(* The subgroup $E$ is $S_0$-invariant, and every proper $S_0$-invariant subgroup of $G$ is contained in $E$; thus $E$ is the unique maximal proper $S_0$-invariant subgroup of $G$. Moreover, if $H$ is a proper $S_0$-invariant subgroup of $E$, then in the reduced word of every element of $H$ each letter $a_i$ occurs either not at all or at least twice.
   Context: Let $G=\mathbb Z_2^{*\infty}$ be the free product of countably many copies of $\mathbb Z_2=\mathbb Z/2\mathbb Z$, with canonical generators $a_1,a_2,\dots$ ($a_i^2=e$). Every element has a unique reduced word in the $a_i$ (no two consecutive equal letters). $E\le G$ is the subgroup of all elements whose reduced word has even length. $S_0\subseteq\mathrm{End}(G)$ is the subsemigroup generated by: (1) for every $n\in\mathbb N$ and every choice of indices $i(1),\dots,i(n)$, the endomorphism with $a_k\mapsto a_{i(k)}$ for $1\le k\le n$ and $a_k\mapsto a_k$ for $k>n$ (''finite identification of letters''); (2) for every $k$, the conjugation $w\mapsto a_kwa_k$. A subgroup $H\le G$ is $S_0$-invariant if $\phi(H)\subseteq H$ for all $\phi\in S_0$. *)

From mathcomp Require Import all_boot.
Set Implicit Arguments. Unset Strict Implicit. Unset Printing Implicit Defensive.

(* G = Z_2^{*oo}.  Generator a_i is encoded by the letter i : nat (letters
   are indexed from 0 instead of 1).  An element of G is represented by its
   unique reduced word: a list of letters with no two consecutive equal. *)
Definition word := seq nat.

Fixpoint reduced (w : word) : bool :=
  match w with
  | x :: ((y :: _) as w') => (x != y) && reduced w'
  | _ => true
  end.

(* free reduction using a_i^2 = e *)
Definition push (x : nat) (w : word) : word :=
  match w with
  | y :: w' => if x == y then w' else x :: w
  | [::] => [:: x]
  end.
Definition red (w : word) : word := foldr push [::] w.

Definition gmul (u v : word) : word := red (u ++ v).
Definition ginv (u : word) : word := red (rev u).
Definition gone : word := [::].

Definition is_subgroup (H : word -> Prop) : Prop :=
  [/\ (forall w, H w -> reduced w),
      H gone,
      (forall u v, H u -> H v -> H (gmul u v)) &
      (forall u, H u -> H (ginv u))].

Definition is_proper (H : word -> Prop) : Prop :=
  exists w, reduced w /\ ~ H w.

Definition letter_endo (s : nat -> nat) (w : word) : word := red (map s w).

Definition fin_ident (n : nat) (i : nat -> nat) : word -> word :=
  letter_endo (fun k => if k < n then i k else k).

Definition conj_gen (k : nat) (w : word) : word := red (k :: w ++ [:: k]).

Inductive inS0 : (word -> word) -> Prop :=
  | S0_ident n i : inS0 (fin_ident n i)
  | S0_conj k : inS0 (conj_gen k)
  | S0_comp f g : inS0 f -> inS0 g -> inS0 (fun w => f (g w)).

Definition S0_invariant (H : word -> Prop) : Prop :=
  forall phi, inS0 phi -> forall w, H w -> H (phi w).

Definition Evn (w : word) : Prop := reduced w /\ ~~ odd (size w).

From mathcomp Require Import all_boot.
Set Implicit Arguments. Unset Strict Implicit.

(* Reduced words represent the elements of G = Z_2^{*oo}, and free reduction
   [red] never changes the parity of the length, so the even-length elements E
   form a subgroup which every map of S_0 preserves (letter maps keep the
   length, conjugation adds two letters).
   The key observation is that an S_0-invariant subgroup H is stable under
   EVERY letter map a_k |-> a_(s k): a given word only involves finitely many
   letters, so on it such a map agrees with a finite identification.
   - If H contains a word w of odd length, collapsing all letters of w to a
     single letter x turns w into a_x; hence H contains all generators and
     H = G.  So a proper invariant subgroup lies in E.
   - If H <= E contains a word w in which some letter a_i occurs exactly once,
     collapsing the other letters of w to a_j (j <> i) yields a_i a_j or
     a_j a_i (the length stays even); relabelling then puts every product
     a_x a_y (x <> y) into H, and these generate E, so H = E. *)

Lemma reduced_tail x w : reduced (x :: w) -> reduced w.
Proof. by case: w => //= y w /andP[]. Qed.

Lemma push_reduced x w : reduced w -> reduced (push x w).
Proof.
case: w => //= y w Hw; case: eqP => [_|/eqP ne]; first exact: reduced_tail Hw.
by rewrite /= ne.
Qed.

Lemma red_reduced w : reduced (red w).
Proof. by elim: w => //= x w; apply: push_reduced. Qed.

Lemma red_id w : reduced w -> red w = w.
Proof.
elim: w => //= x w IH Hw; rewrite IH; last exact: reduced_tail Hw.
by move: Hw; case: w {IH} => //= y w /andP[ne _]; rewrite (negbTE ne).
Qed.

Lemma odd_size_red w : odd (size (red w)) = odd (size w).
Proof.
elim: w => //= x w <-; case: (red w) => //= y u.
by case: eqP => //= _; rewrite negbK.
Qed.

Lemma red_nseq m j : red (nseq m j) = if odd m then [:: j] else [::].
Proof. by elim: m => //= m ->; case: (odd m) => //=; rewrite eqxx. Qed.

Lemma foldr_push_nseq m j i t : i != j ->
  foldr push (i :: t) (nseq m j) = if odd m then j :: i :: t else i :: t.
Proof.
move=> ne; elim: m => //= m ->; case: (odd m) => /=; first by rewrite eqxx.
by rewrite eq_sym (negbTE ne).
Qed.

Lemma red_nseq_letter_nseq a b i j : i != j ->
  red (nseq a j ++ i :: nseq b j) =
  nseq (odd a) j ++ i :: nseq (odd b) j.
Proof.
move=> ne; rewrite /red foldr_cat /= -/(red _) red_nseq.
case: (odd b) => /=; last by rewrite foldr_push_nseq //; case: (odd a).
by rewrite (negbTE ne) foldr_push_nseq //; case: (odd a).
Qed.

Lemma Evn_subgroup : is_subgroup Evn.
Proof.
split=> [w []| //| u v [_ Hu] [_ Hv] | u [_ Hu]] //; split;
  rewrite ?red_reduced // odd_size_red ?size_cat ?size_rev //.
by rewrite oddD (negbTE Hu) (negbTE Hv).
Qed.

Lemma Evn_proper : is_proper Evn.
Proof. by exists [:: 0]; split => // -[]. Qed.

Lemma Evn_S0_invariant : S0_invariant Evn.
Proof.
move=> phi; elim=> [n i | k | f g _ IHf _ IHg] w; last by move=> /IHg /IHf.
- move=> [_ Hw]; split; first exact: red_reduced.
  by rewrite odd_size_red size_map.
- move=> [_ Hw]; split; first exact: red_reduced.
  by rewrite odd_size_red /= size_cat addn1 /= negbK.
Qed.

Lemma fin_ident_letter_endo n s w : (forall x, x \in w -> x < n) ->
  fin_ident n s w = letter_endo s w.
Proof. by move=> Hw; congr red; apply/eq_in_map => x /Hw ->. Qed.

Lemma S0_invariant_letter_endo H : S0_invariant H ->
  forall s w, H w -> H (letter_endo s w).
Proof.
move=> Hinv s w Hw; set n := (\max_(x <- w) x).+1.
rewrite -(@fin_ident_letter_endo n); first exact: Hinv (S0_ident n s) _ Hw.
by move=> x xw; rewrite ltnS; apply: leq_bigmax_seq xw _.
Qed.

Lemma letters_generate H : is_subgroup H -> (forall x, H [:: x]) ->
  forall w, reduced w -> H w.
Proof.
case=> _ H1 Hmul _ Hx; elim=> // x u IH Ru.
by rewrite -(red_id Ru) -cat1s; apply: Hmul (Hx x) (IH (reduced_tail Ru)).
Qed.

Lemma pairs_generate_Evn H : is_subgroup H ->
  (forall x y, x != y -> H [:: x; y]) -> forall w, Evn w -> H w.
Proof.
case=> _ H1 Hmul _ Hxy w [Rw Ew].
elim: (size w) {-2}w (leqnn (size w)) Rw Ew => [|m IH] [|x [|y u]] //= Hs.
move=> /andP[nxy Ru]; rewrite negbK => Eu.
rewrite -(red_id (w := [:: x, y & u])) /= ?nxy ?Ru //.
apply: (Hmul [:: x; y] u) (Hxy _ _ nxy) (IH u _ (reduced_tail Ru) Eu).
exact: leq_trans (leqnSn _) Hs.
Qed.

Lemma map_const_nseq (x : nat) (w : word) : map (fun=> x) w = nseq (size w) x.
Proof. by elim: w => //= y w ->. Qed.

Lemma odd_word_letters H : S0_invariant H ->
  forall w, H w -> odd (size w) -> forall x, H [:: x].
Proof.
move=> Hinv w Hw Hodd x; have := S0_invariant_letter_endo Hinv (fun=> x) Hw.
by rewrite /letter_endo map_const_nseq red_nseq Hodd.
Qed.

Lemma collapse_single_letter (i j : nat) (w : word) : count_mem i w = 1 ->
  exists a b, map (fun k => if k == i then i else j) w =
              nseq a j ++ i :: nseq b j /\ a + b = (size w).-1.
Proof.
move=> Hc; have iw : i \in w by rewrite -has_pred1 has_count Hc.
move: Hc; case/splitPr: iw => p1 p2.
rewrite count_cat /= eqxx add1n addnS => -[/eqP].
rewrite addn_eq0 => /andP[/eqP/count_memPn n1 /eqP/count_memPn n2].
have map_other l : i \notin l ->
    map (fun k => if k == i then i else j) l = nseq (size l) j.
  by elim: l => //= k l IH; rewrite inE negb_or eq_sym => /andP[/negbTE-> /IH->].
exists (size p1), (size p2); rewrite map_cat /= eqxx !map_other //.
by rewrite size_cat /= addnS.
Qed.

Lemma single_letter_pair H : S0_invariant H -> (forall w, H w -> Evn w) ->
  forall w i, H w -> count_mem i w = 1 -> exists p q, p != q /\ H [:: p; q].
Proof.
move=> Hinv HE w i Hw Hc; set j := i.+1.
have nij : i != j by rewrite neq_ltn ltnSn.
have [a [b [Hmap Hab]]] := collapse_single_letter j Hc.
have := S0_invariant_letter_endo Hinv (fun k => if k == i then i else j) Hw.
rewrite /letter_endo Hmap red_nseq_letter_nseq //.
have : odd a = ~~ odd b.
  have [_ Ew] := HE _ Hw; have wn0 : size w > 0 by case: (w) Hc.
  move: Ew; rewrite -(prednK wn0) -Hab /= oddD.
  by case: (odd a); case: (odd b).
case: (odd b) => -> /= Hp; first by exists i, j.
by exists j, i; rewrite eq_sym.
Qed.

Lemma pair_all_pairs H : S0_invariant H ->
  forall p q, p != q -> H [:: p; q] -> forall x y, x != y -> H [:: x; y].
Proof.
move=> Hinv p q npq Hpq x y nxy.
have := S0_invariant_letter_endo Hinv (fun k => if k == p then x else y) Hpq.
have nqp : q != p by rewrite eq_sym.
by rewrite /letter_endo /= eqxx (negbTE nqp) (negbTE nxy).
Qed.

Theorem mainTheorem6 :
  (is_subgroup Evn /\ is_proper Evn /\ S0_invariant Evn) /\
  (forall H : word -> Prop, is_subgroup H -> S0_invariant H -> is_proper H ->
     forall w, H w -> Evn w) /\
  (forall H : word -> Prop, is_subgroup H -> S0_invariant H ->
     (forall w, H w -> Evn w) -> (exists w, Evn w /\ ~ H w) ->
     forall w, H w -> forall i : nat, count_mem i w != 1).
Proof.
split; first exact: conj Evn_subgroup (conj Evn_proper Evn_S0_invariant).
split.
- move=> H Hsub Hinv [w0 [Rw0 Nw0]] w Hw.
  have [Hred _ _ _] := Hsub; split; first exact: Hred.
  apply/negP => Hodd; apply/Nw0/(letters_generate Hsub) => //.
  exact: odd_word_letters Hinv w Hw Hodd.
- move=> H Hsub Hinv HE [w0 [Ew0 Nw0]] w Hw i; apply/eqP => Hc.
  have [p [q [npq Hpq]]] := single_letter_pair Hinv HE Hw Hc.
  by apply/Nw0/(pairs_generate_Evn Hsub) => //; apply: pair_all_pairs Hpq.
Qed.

...

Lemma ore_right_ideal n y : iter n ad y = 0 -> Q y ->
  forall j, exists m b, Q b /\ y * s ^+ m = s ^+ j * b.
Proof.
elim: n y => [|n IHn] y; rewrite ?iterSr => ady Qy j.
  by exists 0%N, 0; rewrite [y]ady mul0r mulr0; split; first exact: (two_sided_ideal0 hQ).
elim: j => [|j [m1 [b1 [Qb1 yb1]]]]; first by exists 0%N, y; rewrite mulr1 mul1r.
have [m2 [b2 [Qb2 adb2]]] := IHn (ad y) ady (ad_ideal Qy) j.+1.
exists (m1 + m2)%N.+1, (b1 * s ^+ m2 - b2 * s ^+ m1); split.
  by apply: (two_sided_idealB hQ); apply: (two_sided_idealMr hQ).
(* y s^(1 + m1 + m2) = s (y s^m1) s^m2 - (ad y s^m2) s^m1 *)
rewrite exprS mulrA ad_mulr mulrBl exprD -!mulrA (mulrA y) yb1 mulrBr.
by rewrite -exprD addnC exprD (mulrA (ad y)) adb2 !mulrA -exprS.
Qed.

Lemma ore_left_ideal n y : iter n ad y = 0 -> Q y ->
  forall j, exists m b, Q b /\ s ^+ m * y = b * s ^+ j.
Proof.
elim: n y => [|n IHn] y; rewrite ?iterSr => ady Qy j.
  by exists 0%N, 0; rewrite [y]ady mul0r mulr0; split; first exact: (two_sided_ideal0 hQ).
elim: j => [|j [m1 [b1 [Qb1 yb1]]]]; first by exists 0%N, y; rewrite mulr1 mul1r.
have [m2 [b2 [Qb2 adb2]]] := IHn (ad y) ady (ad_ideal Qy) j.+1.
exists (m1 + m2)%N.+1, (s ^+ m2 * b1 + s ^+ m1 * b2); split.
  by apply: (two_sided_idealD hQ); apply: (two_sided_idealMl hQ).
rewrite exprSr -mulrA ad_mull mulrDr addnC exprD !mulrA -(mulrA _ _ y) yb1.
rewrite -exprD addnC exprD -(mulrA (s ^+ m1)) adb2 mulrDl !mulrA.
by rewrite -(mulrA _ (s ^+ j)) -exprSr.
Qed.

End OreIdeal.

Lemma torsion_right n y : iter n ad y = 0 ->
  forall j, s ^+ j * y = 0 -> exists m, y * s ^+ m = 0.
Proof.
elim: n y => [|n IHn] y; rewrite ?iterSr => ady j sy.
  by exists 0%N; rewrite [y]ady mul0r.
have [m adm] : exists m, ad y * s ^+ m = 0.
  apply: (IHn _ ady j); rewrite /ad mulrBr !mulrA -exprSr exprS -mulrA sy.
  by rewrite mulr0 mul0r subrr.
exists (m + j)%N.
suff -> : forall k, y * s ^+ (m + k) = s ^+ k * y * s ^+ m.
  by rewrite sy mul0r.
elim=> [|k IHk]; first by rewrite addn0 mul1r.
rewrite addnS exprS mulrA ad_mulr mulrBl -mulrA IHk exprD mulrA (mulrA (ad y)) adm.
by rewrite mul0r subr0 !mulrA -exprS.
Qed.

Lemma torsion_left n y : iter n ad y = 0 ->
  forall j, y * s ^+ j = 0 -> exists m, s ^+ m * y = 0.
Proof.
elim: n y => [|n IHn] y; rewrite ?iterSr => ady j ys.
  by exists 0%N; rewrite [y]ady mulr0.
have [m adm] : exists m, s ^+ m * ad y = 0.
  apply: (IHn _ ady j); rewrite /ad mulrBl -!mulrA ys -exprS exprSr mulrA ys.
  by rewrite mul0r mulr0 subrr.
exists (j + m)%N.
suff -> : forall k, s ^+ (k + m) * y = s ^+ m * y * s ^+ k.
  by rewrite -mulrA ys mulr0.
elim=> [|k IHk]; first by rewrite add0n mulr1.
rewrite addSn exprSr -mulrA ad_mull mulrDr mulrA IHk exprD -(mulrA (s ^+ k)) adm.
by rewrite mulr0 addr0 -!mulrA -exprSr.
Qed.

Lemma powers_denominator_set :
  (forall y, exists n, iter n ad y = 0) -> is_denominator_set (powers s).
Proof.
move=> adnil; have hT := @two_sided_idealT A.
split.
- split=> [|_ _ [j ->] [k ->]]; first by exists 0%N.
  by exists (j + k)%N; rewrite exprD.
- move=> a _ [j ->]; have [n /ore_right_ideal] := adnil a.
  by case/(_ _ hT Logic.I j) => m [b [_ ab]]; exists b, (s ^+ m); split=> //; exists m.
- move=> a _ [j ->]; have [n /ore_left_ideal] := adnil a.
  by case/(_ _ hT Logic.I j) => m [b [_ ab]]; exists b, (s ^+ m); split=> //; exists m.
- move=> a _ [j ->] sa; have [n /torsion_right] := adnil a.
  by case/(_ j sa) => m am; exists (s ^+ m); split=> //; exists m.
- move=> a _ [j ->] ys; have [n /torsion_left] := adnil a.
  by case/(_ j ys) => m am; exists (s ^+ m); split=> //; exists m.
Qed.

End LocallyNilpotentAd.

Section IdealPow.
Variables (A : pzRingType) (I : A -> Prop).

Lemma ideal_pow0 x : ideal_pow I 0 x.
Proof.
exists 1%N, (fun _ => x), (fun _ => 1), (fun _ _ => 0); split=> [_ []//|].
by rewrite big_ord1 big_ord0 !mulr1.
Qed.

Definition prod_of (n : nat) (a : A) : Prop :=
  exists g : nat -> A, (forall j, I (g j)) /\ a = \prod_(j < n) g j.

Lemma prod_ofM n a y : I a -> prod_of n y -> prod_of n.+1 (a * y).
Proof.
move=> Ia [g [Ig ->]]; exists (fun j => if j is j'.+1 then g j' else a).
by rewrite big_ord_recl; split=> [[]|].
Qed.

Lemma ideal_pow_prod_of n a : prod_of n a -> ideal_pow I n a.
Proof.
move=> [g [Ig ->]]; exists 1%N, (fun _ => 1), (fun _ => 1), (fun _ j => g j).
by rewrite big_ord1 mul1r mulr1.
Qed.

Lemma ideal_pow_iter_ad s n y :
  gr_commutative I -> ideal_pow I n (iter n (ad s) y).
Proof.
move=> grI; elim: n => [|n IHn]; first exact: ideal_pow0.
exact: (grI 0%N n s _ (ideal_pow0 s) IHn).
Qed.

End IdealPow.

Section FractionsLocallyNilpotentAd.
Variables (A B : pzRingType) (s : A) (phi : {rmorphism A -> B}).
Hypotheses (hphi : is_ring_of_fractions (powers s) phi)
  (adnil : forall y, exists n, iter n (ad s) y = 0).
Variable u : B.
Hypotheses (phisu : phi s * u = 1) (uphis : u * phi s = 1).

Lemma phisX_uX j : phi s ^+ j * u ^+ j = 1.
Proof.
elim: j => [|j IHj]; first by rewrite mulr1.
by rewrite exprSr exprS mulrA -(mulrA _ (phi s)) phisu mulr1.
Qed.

---

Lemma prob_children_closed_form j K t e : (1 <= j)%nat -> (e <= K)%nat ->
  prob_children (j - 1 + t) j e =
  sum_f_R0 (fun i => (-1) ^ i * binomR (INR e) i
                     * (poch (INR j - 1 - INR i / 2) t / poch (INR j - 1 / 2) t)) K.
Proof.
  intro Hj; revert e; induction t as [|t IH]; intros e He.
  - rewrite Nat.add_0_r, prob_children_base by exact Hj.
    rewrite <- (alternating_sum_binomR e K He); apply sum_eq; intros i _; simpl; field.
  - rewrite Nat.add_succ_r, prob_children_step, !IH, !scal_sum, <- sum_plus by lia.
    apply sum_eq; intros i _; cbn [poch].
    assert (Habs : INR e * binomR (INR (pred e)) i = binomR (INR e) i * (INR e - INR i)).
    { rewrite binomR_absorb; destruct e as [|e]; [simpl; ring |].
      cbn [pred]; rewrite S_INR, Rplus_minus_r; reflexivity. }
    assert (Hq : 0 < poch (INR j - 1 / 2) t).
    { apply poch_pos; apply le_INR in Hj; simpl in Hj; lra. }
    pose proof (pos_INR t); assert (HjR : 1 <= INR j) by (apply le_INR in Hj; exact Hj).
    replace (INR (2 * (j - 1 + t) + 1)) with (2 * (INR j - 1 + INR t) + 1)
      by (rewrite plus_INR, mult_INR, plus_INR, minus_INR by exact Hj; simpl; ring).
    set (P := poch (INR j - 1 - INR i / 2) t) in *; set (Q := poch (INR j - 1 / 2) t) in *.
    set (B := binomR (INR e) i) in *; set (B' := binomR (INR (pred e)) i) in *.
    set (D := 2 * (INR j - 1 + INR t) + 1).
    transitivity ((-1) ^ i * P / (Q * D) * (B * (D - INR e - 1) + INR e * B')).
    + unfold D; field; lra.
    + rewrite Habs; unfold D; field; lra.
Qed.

| WHAT IS EXPECTED |
From the data above, output exactly the lines between the one containing "Lemma torsion_left n y : iter n ad y = 0 ->" and the one containing "have [m adm] : exists m, s ^+ m * ad y = 0.", counting both of them.

| RESPONSE TO THE EXERCISE |
Lemma torsion_left n y : iter n ad y = 0 ->
  forall j, y * s ^+ j = 0 -> exists m, s ^+ m * y = 0.
Proof.
elim: n y => [|n IHn] y; rewrite ?iterSr => ady j ys.
  by exists 0%N; rewrite [y]ady mulr0.
have [m adm] : exists m, s ^+ m * ad y = 0.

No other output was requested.